The survey of 1,017 conducted nationally Feb. 27 to March 3 found that 61 percent of respondents support a 5 percent, across-the-board spending reduction in domestic programs, but 60 percent oppose an 8 percent reduction in military spending.

The two reductions approximate the automatic spending cuts that began Saturday in domestic and defense programs brought on by the sequester, which encompasses $1.2 trillion of spending cuts over the next 10 years.

Among Republicans, the survey shows that 76 percent of respondents support the domestic cuts, while 73 percent oppose the military spending reductions.

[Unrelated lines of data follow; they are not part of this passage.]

Lemma unit_lift_act v k : v \in SS -> unit_lift (act_idx v k) = actA i v (unit_lift k).
Proof.
move=> vS; have [gS gk] := orbit_moverP (subxx SS) k.
have rep_vk : rep (act_idx v k) = rep k.
  by apply: (orbit_rep_eq (subxx SS)); apply/imsetP; exists v.
rewrite (@unit_liftE _ (v * mover k)%g) ?groupM // rep_vk ?(actAM i_int) //.
by rewrite act_idxM ?gk.
Qed.

Lemma unit_lift_unit k : is_unitA (unit_lift k).
Proof. by apply: (actA_is_unitA i_int); [case: (orbit_moverP (subxx SS) k) | exact: u_unit]. Qed.

Definition lerp_basis (l : O) (k : 'I_n) : A := bvec k + l *: (unit_lift k - bvec k).

Lemma actA_lerp_basis l v k : v \in SS -> actA i v (lerp_basis l k) = lerp_basis l (act_idx v k).
Proof. by move=> vS; rewrite /lerp_basis actAD actAZ actAB unit_lift_act // act_idxE. Qed.

Definition lift_mx : 'M[O]_n := \matrix_k coord_row bvec_basis (unit_lift k).

Lemma lerp_basisE l k : lerp_basis l k = comb bvec (row k (1%:M + l *: (lift_mx - 1%:M))).
Proof.
by rewrite /lerp_basis !linearD !linearZ !linearN /= rowK row1 coord_rowK comb_delta scalerN.
Qed.
(* Consider the class $\mathcal{C}$ of third order ordinary differential equations of the form $$y'''=\frac{-3X(x,y)\,(y'')^2+P(x,y)\,y''\,(y')^2+Q(x,y)\,y''\,y'+R(x,y)\,y''+S(x,y)\,(y')^5+L(x,y)\,(y')^4+K(x,y)\,(y')^3+M(x,y)\,(y')^2+N(x,y)\,y'+T(x,y)}{Y(x,y)-X(x,y)\,y'},$$ where $X,Y,P,Q,R,S,L,K,M,N,T$ are arbitrary functions of $(x,y)$ (note that the coefficient of $(y'')^2$ in the numerator is exactly $-3$ times the function $X$ appearing in the denominator). Then $\mathcal{C}$ is invariant under point transformations: for every non-degenerate point change of variables $\tilde x=\tilde x(x,y)$, $\tilde y=\tilde y(x,y)$, every equation of $\mathcal{C}$ is transformed into an equation $\tilde y'''=g(\tilde x,\tilde y,\tilde y',\tilde y'')$ which is again of the same form (with $x,y$ replaced by $\tilde x,\tilde y$, and with some new coefficient functions $\tilde X,\tilde Y,\tilde P,\dots,\tilde T$ of $(\tilde x,\tilde y)$).
   Context: A point transformation is a change of variables $\tilde x=\tilde x(x,y)$, $\tilde y=\tilde y(x,y)$ on the plane, assumed non-degenerate, i.e. with nonzero Jacobian determinant; derivatives $y',y'',y'''$ transform accordingly by the chain rule when $y$ is regarded as a function of $x$ and $\tilde y$ as a function of $\tilde x$. A class of equations $y'''=f(x,y,y',y'')$ with $f$ in a prescribed set of functions $\mathcal F$ is called point-invariant if, for every $f\in\mathcal F$ and every non-degenerate point transformation, the transformed equation $\tilde y'''=g(\tilde x,\tilde y,\tilde y',\tilde y'')$ has $g\in\mathcal F$. *)

From Stdlib Require Import Reals List.
From Coquelicot Require Import Coquelicot.
Open Scope R_scope.

Definition dx (F : R -> R -> R) : R -> R -> R :=
  fun x y => Derive (fun t => F t y) x.
Definition dy (F : R -> R -> R) : R -> R -> R :=
  fun x y => Derive (fun t => F x t) y.

(* Iterated partial derivative: true = d/dx, false = d/dy. *)
Fixpoint iter_partial (ds : list bool) (F : R -> R -> R) : R -> R -> R :=
  match ds with
  | nil => F
  | d :: ds' => (if d then dx else dy) (iter_partial ds' F)
  end.

Definition smooth2 (F : R -> R -> R) : Prop :=
  forall (ds : list bool) (x y : R),
    ex_derive (fun t => iter_partial ds F t y) x /\
    ex_derive (fun t => iter_partial ds F x t) y /\
    continuous (fun z : R * R => iter_partial ds F (fst z) (snd z)) (x, y).

Definition jacobian (F G : R -> R -> R) (x y : R) : R :=
  dx F x y * dy G x y - dy F x y * dx G x y.

Definition point_transformation (F G : R -> R -> R) : Prop :=
  smooth2 F /\ smooth2 G /\
  (forall x y, jacobian F G x y <> 0) /\
  (forall x1 y1 x2 y2, F x1 y1 = F x2 y2 -> G x1 y1 = G x2 y2 ->
                       x1 = x2 /\ y1 = y2).

(* Functions on the jet space, of (x, y, p, q) = (x, y, y', y''). *)
Definition jfun := R -> R -> R -> R -> R.

(* Total derivative d/dx along solutions of y''' = f x y y' y'':
   D h = h_x + y' h_y + y'' h_{y'} + f h_{y''}. *)
Definition Dtot (f : jfun) (h : jfun) : jfun :=
  fun x y p q =>
    Derive (fun t => h t y p q) x + p * Derive (fun t => h x t p q) y
    + q * Derive (fun t => h x y t q) p + f x y p q * Derive (fun t => h x y p t) q.

Definition lift (F : R -> R -> R) : jfun := fun x y _ _ => F x y.

(* d xtilde / dx *)
Definition lam (F : R -> R -> R) (f : jfun) : jfun := Dtot f (lift F).

(* Transformed derivatives by the chain rule: d/dxtilde = (1/lam) d/dx. *)
Definition p_tilde (F G : R -> R -> R) (f : jfun) : jfun :=
  fun x y p q => Dtot f (lift G) x y p q / lam F f x y p q.
Definition q_tilde (F G : R -> R -> R) (f : jfun) : jfun :=
  fun x y p q => Dtot f (p_tilde F G f) x y p q / lam F f x y p q.
Definition r_tilde (F G : R -> R -> R) (f : jfun) : jfun :=
  fun x y p q => Dtot f (q_tilde F G f) x y p q / lam F f x y p q.

Record coeffs := Coeffs {
  cX : R -> R -> R; cY : R -> R -> R; cP : R -> R -> R; cQ : R -> R -> R;
  cR : R -> R -> R; cS : R -> R -> R; cL : R -> R -> R; cK : R -> R -> R;
  cM : R -> R -> R; cN : R -> R -> R; cT : R -> R -> R }.

Definition class_den (c : coeffs) (x y p : R) : R := cY c x y - cX c x y * p.

Definition class_num (c : coeffs) (x y p q : R) : R :=
  -3 * cX c x y * q ^ 2 + cP c x y * q * p ^ 2 + cQ c x y * q * p
  + cR c x y * q + cS c x y * p ^ 5 + cL c x y * p ^ 4 + cK c x y * p ^ 3
  + cM c x y * p ^ 2 + cN c x y * p + cT c x y.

Among Democrats, 57 percent said they were supportive of slashing domestic programs and 48 percent said they were against cutting military spending.

Among those who identified themselves as Independents, 60 percent said they favored domestic cuts, while 63 percent said they were opposed to the military cutbacks.

“In short: the American public likes the idea of cutting federal spending. What they don’t like are actual cuts in federal spending,” Post reporter Jon Cohen wrote in analyzing the poll.

That attitude made the sequester inevitable, he says. “Without any clear signal from the public of how, specifically, it wants the cuts to happen, politicians did the easy thing: they let an across-the-board cut go into effect without having to vote (read: explain) on it.”